Has hardware technology progressed to the point where we might want to
consider making a VERY LARGE integer machine -- with integers long
enough so floating point operations would be unnecessary?  I'm not
sure how long they would have to be, but 512 bits sounds about right
to start with.  This would allow integers to have values up to about
10E150 or so, large enough for Avagadro's number or, with suitable
scaling, Planck's constant.  It would allow rapid integer operations
in place of floating point operations.  If you could add two 512-bit
integers in a couple of clock cycles, it should be pretty fast.

I guess this would be a somewhat different way of doing parallel
operations rather than serial ones.

Is this crazy?


-- 
Ed Nather
Astronomy Dept, U of Texas @ Austin
{allegra,ihnp4}!{noao,ut-sally}!utastro!nather
nather@astro.AS.UTEXAS.EDU

bobmon@iuvax.UUCP (Robert Montante) (10/17/86)

>>                            Mflops Per MHz
>>   [...]
>Mflops:(Millions of FLoating point OPerations per Second)
>MHz: (Millions of cycles per second)
>
>Therefore 'Mflops per MHz':(Millions^2 FLoating point OPeration cycles per
>			    sec^2)
>
>Sounds like an acceleration to me.  Must be a measure of how fast computer
>speed is improving.  Still, the choice of units forces this number to
>be small.      8-)

I get:     10e6  X  FLoating_point_OPerations / second
         -----------------------------------------------
           10e6  X  Cycles / second

which reduces to
                 FLoating_point_OPerations / Cycle

an apparent measure of instruction complexity.  But then, if you use a Floating
Point Accelerator, perhaps these interpretations are consistent.  8->

*-=-*-=-*-=-*-=-*-=-*-=-*-=-*-=-*-=-*-=-*-=-*-=-*-=-*-=-*-=-*-=-*-=-*-=-*-=-*

RAMontante
Computer Science				"Have you hugged ME today?"
Indiana University

henry@utzoo.UUCP (Henry Spencer) (10/17/86)
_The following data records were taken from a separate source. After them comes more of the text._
Lemma ks_entry_decr j : 0 < j -> ks_entry s i j.+1 <= ks_entry s i j.
Proof.
move=> Hj; have Hdec := part_decr Hs Hj; rewrite /ks_entry.
case: (boolP (case1 s i)) => [/andP[_ Hgap]|Hc1].
  have Hpos : j < i \/ j = i \/ i < j by lia.
  by case: Hpos => [Hlt|[->|Hgt]]; decide_ifs; lia.
have Hc2 : case2 eps s i by move: Hadm; rewrite /admissible_idx (negbTE Hc1).
have [/andP[Hi0 _] Heq Hhi Hlo] := case2_gaps Hc2.
have Hpos : j.+1 < i \/ j.+1 = i \/ j = i \/ j = i.+1 \/ i.+1 < j by lia.
case: Hpos => [Hlt|[Ej|[->|[->|Hgt]]]]; decide_ifs; try lia.
by subst i; have /= := Hlo Hj; lia.
Qed.

Lemma sorted_ks_entries : sorted geq (mkseq (fun j => ks_entry s i j.+1) (size s)).
Proof.
apply/(sortedP 0) => k; rewrite size_mkseq => Hk.
by rewrite !nth_mkseq ?(ltnW Hk) //; apply: ks_entry_decr.
Qed.

(* Reading λ^(i) entrywise: the discarded parts are the trailing zeros. *)
Lemma part_ks_step j : part (ks_step eps s i) j = ks_entry s i j.
Proof.
set u := mkseq (fun j => ks_entry s i j.+1) (size s).
have -> : ks_step eps s i = [seq x <- u | x != 0] by [].
case: j => [|j]; first by rewrite /ks_entry; repeat case: ifP.
rewrite /part nth_filter_nonzero ?sorted_ks_entries // /u.
have [Hj|Hj] := ltnP j (size s); first by rewrite nth_mkseq.
have Hzero : part s j.+1 = 0 by rewrite /part nth_default.
by rewrite nth_default ?size_mkseq // /ks_entry Hzero; repeat case: ifP.
Qed.

Lemma size_ks_step : size (ks_step eps s i) <= size s.
Proof. by rewrite size_filter (leq_trans (count_size _ _)) // size_mkseq. Qed.

Lemma shape_ks_step : shape (ks_step eps s i).
Proof.
apply/andP; split; last by apply/allP => x; rewrite mem_filter lt0n => /andP[].
exact: (sorted_filter (rev_trans leq_trans)) sorted_ks_entries.
Qed.

Local Notation t := (ks_step eps s i).

(* Case 1 subtracts 2 from λ_1..λ_i: parities of parts and of consecutive
   differences are kept, and equal neighbours stay equal. *)
Lemma case1_local j : case1 s i -> 0 < j ->
  [/\ odd (part t j) = odd (part s j),
      odd (part t j - part t j.+1) = odd (part s j - part s j.+1)
    & part s j = part s j.+1 -> part t j = part t j.+1].
Proof.
move=> Hc1 Hj; rewrite !part_ks_step /ks_entry Hc1.
have /andP[_ Hgap] := Hc1; have Hdec := part_decr Hs Hj.
have Hpos : j < i \/ j = i \/ i < j by lia.
case: Hpos => [Hlt|[->|Hgt]]; decide_ifs; last by [].
  have Hmono : part s i <= part s j.+1 by apply: part_monotone; lia.
  by split; lia.
by split; lia.
Qed.

(* Case 2 subtracts 2 from λ_1..λ_{i-1} and 1 from λ_i, λ_{i+1}: parities
   of parts away from i, i+1 and of differences away from (i-1,i), (i+1,i+2)
   are kept, and equal neighbours stay equal. *)
Lemma case2_local j : case2 eps s i -> 0 < j ->
  [/\ j < i \/ i.+1 < j -> odd (part t j) = odd (part s j),
      j.+1 != i -> j != i.+1 ->
        odd (part t j - part t j.+1) = odd (part s j - part s j.+1)
    & part s j = part s j.+1 -> part t j = part t j.+1].
Proof.
move=> Hc2 Hj; have [/andP[Hi0 Hisz] Heq Hhi Hlo] := case2_gaps Hc2.
have Hdec := part_decr Hs Hj.
have Hpi : 0 < part s i by apply: part_pos; lia.
rewrite !part_ks_step /ks_entry.
rewrite (negbTE (case2_not_case1 Hc2)).
have Hpos : j.+1 < i \/ j.+1 = i \/ j = i \/ j = i.+1 \/ i.+1 < j by lia.
case: Hpos => [Hlt|[Ej|[->|[->|Hgt]]]]; decide_ifs.
- have Hlo' := Hlo ltac:(lia).
  have Hmono : part s i.-1 <= part s j.+1 by apply: part_monotone; lia.
  by split; lia.
- by subst i; have /= := Hlo Hj; split; lia.
- by split; lia.
- by split; lia.
- by [].
Qed.

Lemma case2_at_step : case2 eps s i ->
  odd (part t i) != odd (part s i) /\ part t i = part t i.+1.
Proof.
move=> Hc2; have [/andP[Hi0 Hisz] Heq _ _] := case2_gaps Hc2.
have Hpi : 0 < part s i by apply: part_pos; lia.
rewrite !part_ks_step /ks_entry.
rewrite (negbTE (case2_not_case1 Hc2)).
by decide_ifs; split; lia.
Qed.

Lemma case2_two_step_far k : case2 eps s i -> two_step eps t k ->
  k.+1 < i \/ i.+1 < k.
Proof.
move=> Hc2 Ht; have [Hflip Heq] := case2_at_step Hc2.
have /andP[/and5P[_ _ /eqP Hsi _ _] _] := Hc2.
case/andP: Ht => Hk /and5P[_ /eqP Hsk _ Hne0 Hne1].
have Hpos : k.+1 < i \/ k.+1 = i \/ k = i \/ k = i.+1 \/ i.+1 < k by lia.
case: Hpos => [|[Ek|[Ek|[Ek|]]]]; [by left | | | | by right]; subst.
- by rewrite Heq eqxx in Hne1.
- by rewrite (sgn_neg_parity Hsk Hsi) eqxx in Hflip.
- by rewrite /= Heq eqxx in Hne0.
Qed.

Lemma ks_step_two_step k : two_step eps t k -> two_step eps s k.
Proof.
move=> Ht; have Hk : 0 < k by case/andP: Ht.
case/orP: Hadm => [Hc1|Hc2].
  have [Hodd0 _ _] := case1_local Hc1 Hk.
  have [Hodd1 _ Heq1] := case1_local Hc1 (ltn0Sn k).
  apply: (two_step_transfer Hs size_ks_step Hodd0 Hodd1 _ Heq1 Ht) => Hk1.
  have Hpk : 0 < k.-1 by lia.
  by have [_ _] := case1_local Hc1 Hpk; rewrite prednK.
have Hfar := case2_two_step_far Hc2 Ht.
have [Hodd0 _ _] := case2_local Hc2 Hk.
have [Hodd1 _ Heq1] := case2_local Hc2 (ltn0Sn k).
apply: (two_step_transfer Hs size_ks_step (Hodd0 _) (Hodd1 _) _ Heq1 Ht); try lia.
move=> Hk1; have Hpk : 0 < k.-1 by lia.
by have [_ _] := case2_local Hc2 Hpk; rewrite prednK.
Qed.

Lemma ks_step_good k : non_singular eps s -> two_step eps t k -> ~~ bad_step t k.
Proof.
move=> Hns Ht; have Hk : 0 < k by case/andP: Ht.
have Hts := ks_step_two_step Ht.
suff -> : bad_step t k = bad_step s k by exact: Hns.
case/orP: Hadm => [Hc1|Hc2].
  apply: bad_step_transfer; last by have [] := case1_local Hc1 (ltn0Sn k).
  move=> Hk1; have Hpk : 0 < k.-1 by lia.
  by have [] := case1_local Hc1 Hpk; rewrite prednK.
have Hfar := case2_two_step_far Hc2 Ht.
have Hts_i : two_step eps s i by case/andP: Hc2.
have [Edist|Hdist] : (k = i.+2 \/ k.+2 = i) \/ (k != i.+2) && (k.+2 != i) by lia.
  by move: (Hns i Hts_i); rewrite (two_steps_at_distance_two_bad Hts_i Hts Edist).
apply: bad_step_transfer.
  move=> Hk1; have Hpk : 0 < k.-1 by lia.
  have [_ Hodd _] := case2_local Hc2 Hpk.
  by rewrite prednK in Hodd; [apply: Hodd | ..]; lia.
by have [_ Hodd _] := case2_local Hc2 (ltn0Sn k); apply: Hodd; lia.
Qed.

End OneStep.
> ... marketing and management scientists ...
		    ^	       ^
Syntax error in above line:  incompatible concepts!
-- 
				Henry Spencer @ U of Toronto Zoology
				{allegra,ihnp4,decvax,pyramid}!utzoo!henry

ehj@mordor.ARPA (Eric H Jensen) (10/17/86)

In article <6028@ut-sally.UUCP> nather@ut-sally.UUCP (Ed Nather) writes:
>more complex (and slower) using standard hardware.  Also, the aphorism
>about using a lot of floating operations was brought home to me:
>"Using floating point is like moving piles of sand around.  Every time
>you move one you lose a little sand, and pick up a little dirt."

I thought numerical analysis was the plastic sheet you place your sand
on - with some thought (algorithm changes) you can control your
errors most of the time or at least understand them.  Then of course
there is always an Extended format ...

>Has hardware technology progressed to the point where we might want to
>consider making a VERY LARGE integer machine -- with integers long
>...
>scaling, Planck's constant.  It would allow rapid integer operations
>in place of floating point operations.  If you could add two 512-bit
>integers in a couple of clock cycles, it should be pretty fast.

I would not want to be the one to place and route the carry-lookahead
logic for a VERY fast 512 bit adder (you could avoid this by using the
tidbits approach but that has many other implications).  The real
killers would be multiply and divide.  If you really want large
integers use an efficient bignum package; hardware can help by
providing traps or micro-code support for overflow conditions.

-- 
eric h. jensen        (S1 Project @ Lawrence Livermore National Laboratory)
Phone: (415) 423-0229 USMail: LLNL, P.O. Box 5503, L-276, Livermore, Ca., 94550
ARPA:  ehj@angband    UUCP:   ...!decvax!decwrl!mordor!angband!ehj

josh@polaris.UUCP (Josh Knight) (10/18/86)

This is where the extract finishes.